PROBLEM DESCRIPTION => Your task is to repeat exactly the lines below between the line holding "is_lub (fun y" and the line holding "(@continuity_implies_RiemannInt f b a", inclusive, and only those.

*** Begin section ***

(* Let $\mu>1/2$, $0<\nu<1/2$. (1) For every $g\in X$ and all $x\in\mathbb{R}$, $$|h^{-1}(x)|\le \tfrac1\nu |x|^\nu(x^2+1)^{\frac12(\mu-\nu)}e^{\|g\|_\infty},$$ $$|h^{-1}(x)|\ge e^{-(\mu-1)}|x|^\nu(x^2+1)^{\frac12(\mu-\nu)}e^{\fint_0^x g}\ge e^{-(\mu-1)}|x|^\nu(x^2+1)^{\frac12(\mu-\nu)}e^{-\|g\|_\infty}.$$ (2) For every $g\in X_1$ and all $x\in\mathbb{R}\setminus\{0\}$, $$e^{1-\nu-6(\mu-\nu)}|x|^{\nu-1}(x^2+1)^{\frac12(\mu-\nu)}e^{g(x)}\le \frac{h^{-1}(x)}{x}\le \tfrac1\nu |x|^{\nu-1}(x^2+1)^{\frac12(\mu-\nu)}e^{g(x)}.$$
   Context: $X=\{g\in C(\mathbb{R})\cap L^\infty(\mathbb{R}) \text{ real}:\ \lim_{x\to\pm\infty}g(x)=0\}$ with norm $\|g\|_\infty$. For $g\in X$ let $G(x)=g(x)+\frac12(\mu-\nu)\ln(x^2+1)$, and $X_1=\{g\in X: G\text{ is even and }0\le G(x)-G(y)\le(\mu-\nu)(\ln\frac xy+2)\text{ for all }0\le y\le x\}$ (the upper bound being vacuous when $y=0$). For $g\in X$, $h^{-1}:\mathbb{R}\to\mathbb{R}$ is defined by $h^{-1}(0)=0$, $(h^{-1})'(x)=|x|^{\nu-1}(x^2+1)^{(\mu-\nu)/2}e^{g(x)}$ ($x\ne0$). For an interval $I$, $\fint_I g=\frac1{|I|}\int_I g$, and $\fint_0^x g$ denotes the average of $g$ over the interval with endpoints $0$ and $x$. *)

From Stdlib Require Import Reals Lra.
Open Scope R_scope.

(* |x|^a, with the convention |0|^a = 0 (used only for a > 0 at x = 0). *)
Definition powabs (x a : R) : R :=
  if Req_EM_T x 0 then 0 else Rpower (Rabs x) a.

Definition inX (g : R -> R) : Prop :=
  continuity g /\
  (exists M, forall x, Rabs (g x) <= M) /\
  (forall eps, 0 < eps -> exists A, forall x, A < Rabs x -> Rabs (g x) < eps).

Lemma inX_cont (g : R -> R) : inX g -> continuity g.
Proof. intros [H _]; exact H. Qed.

Definition is_supnorm (g : R -> R) (N : R) : Prop :=
  is_lub (fun y => exists x, y = Rabs (g x)) N.

Definition integ (f : R -> R) (Hf : continuity f) (a b : R) : R :=
  match Rle_dec a b with
  | left H => RiemannInt (@continuity_implies_RiemannInt f a b H (fun x _ => Hf x))
  | right H => - RiemannInt (@continuity_implies_RiemannInt f b a
                  (Rlt_le _ _ (Rnot_le_lt _ _ H)) (fun x _ => Hf x))
  end.

Definition avg0 (f : R -> R) (Hf : continuity f) (x : R) : R :=
  if Req_EM_T x 0 then f 0 else integ f Hf 0 x / x.

Definition Gfun (mu nu : R) (g : R -> R) (x : R) : R :=
  g x + / 2 * (mu - nu) * ln (x ^ 2 + 1).

Definition inX1 (mu nu : R) (g : R -> R) : Prop :=
  inX g /\
  (forall x, Gfun mu nu g (- x) = Gfun mu nu g x) /\
  (forall x y, 0 <= y -> y <= x ->
     0 <= Gfun mu nu g x - Gfun mu nu g y /\
     (0 < y -> Gfun mu nu g x - Gfun mu nu g y <= (mu - nu) * (ln (x / y) + 2))).

(* H is h^{-1}: H(0)=0, H continuous (at 0), H'(x) = |x|^(nu-1)(x^2+1)^((mu-nu)/2) e^(g x), x<>0 *)
Definition is_hinv (mu nu : R) (g : R -> R) (H : R -> R) : Prop :=
  H 0 = 0 /\ continuity_pt H 0 /\
  (forall x, x <> 0 ->
     derivable_pt_lim H x
       (powabs x (nu - 1) * Rpower (x ^ 2 + 1) ((mu - nu) / 2) * exp (g x))).

From Stdlib Require Import Reals Lra.
From Coquelicot Require Import Coquelicot.
Open Scope R_scope.

(* Everything rests on one comparison principle (compare_from_zero): two
   functions that tend to 0 at 0+ and whose derivatives are ordered on (0,x]
   are ordered at x.  For t > 0 we write t (h^{-1})'(t) = hinv_rate t =
   t^nu (t^2+1)^((mu-nu)/2) e^(g t), and compare h^{-1} with barriers:
   - part (1), upper bound: the power barrier t^nu (x^2+1)^((mu-nu)/2) e^N/nu;
   - part (1), lower bound: the barrier e^(1-mu) t^nu (t^2+1)^((mu-nu)/2)
     e^(average of g on [0,t]), whose derivative is dominated thanks to
     1 + v <= e^v (average_weight_ineq);
   - part (2): with G = g + (mu-nu)/2 ln(t^2+1) one has hinv_rate = t^nu e^G;
     monotonicity of G gives the upper bound (power barrier t^nu) and the
     logarithmic growth bound on G the lower one (power barrier t^mu).
   Every bound is proved for x > 0 first; negative x reduce to that case
   through the reflection x |-> -h^{-1}(-x), the inverse profile of g(-.).
   The hypotheses mu > 1/2 > nu of the theorem are only used through
   0 < nu <= mu, which is the generality of the intermediate lemmas. *)

Lemma exp_le x y : x <= y -> exp x <= exp y.
Proof. intros [h | ->]; [left; apply exp_increasing; exact h | lra]. Qed.

Lemma Rpower_pos x p : 0 < Rpower x p.
Proof. apply exp_pos. Qed.

Lemma powabs_pos x p : 0 < x -> powabs x p = Rpower x p.
Proof.
  intros hx. unfold powabs. destruct (Req_EM_T x 0); [lra|].
  rewrite Rabs_right by lra. reflexivity.
Qed.

Lemma powabs_opp x p : powabs (- x) p = powabs x p.
Proof.
  unfold powabs. destruct (Req_EM_T (- x) 0), (Req_EM_T x 0); try lra.
  rewrite Rabs_Ropp. reflexivity.
Qed.

Lemma Rpower_minus_1 x p : 0 < x -> Rpower x (p - 1) = Rpower x p / x.
Proof.
  intros hx. unfold Rpower. replace ((p - 1) * ln x) with (p * ln x + - ln x) by ring.
  rewrite exp_plus, exp_Ropp, exp_ln by exact hx. reflexivity.
Qed.

Lemma nondecreasing_of_derive_nonneg (K K' : R -> R) a b : a <= b ->
  (forall t, a <= t <= b -> is_derive K t (K' t) /\ 0 <= K' t) -> K a <= K b.
Proof.
  intros [hab | <-] hd; [| lra].
  destruct (MVT_gen K a b K') as [c [hc he]];
    rewrite ?Rmin_left, ?Rmax_right in * by lra.
  - intros t ht. apply hd; lra.
  - intros t ht. apply continuity_pt_filterlim, (ex_derive_continuous K).
    exists (K' t). apply hd; lra.
  - destruct (hd c hc) as [_ hpos]. nra.
Qed.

*** End section ***

RESULT OF THIS TASK =>
  is_lub (fun y => exists x, y = Rabs (g x)) N.

Definition integ (f : R -> R) (Hf : continuity f) (a b : R) : R :=
  match Rle_dec a b with
  | left H => RiemannInt (@continuity_implies_RiemannInt f a b H (fun x _ => Hf x))
  | right H => - RiemannInt (@continuity_implies_RiemannInt f b a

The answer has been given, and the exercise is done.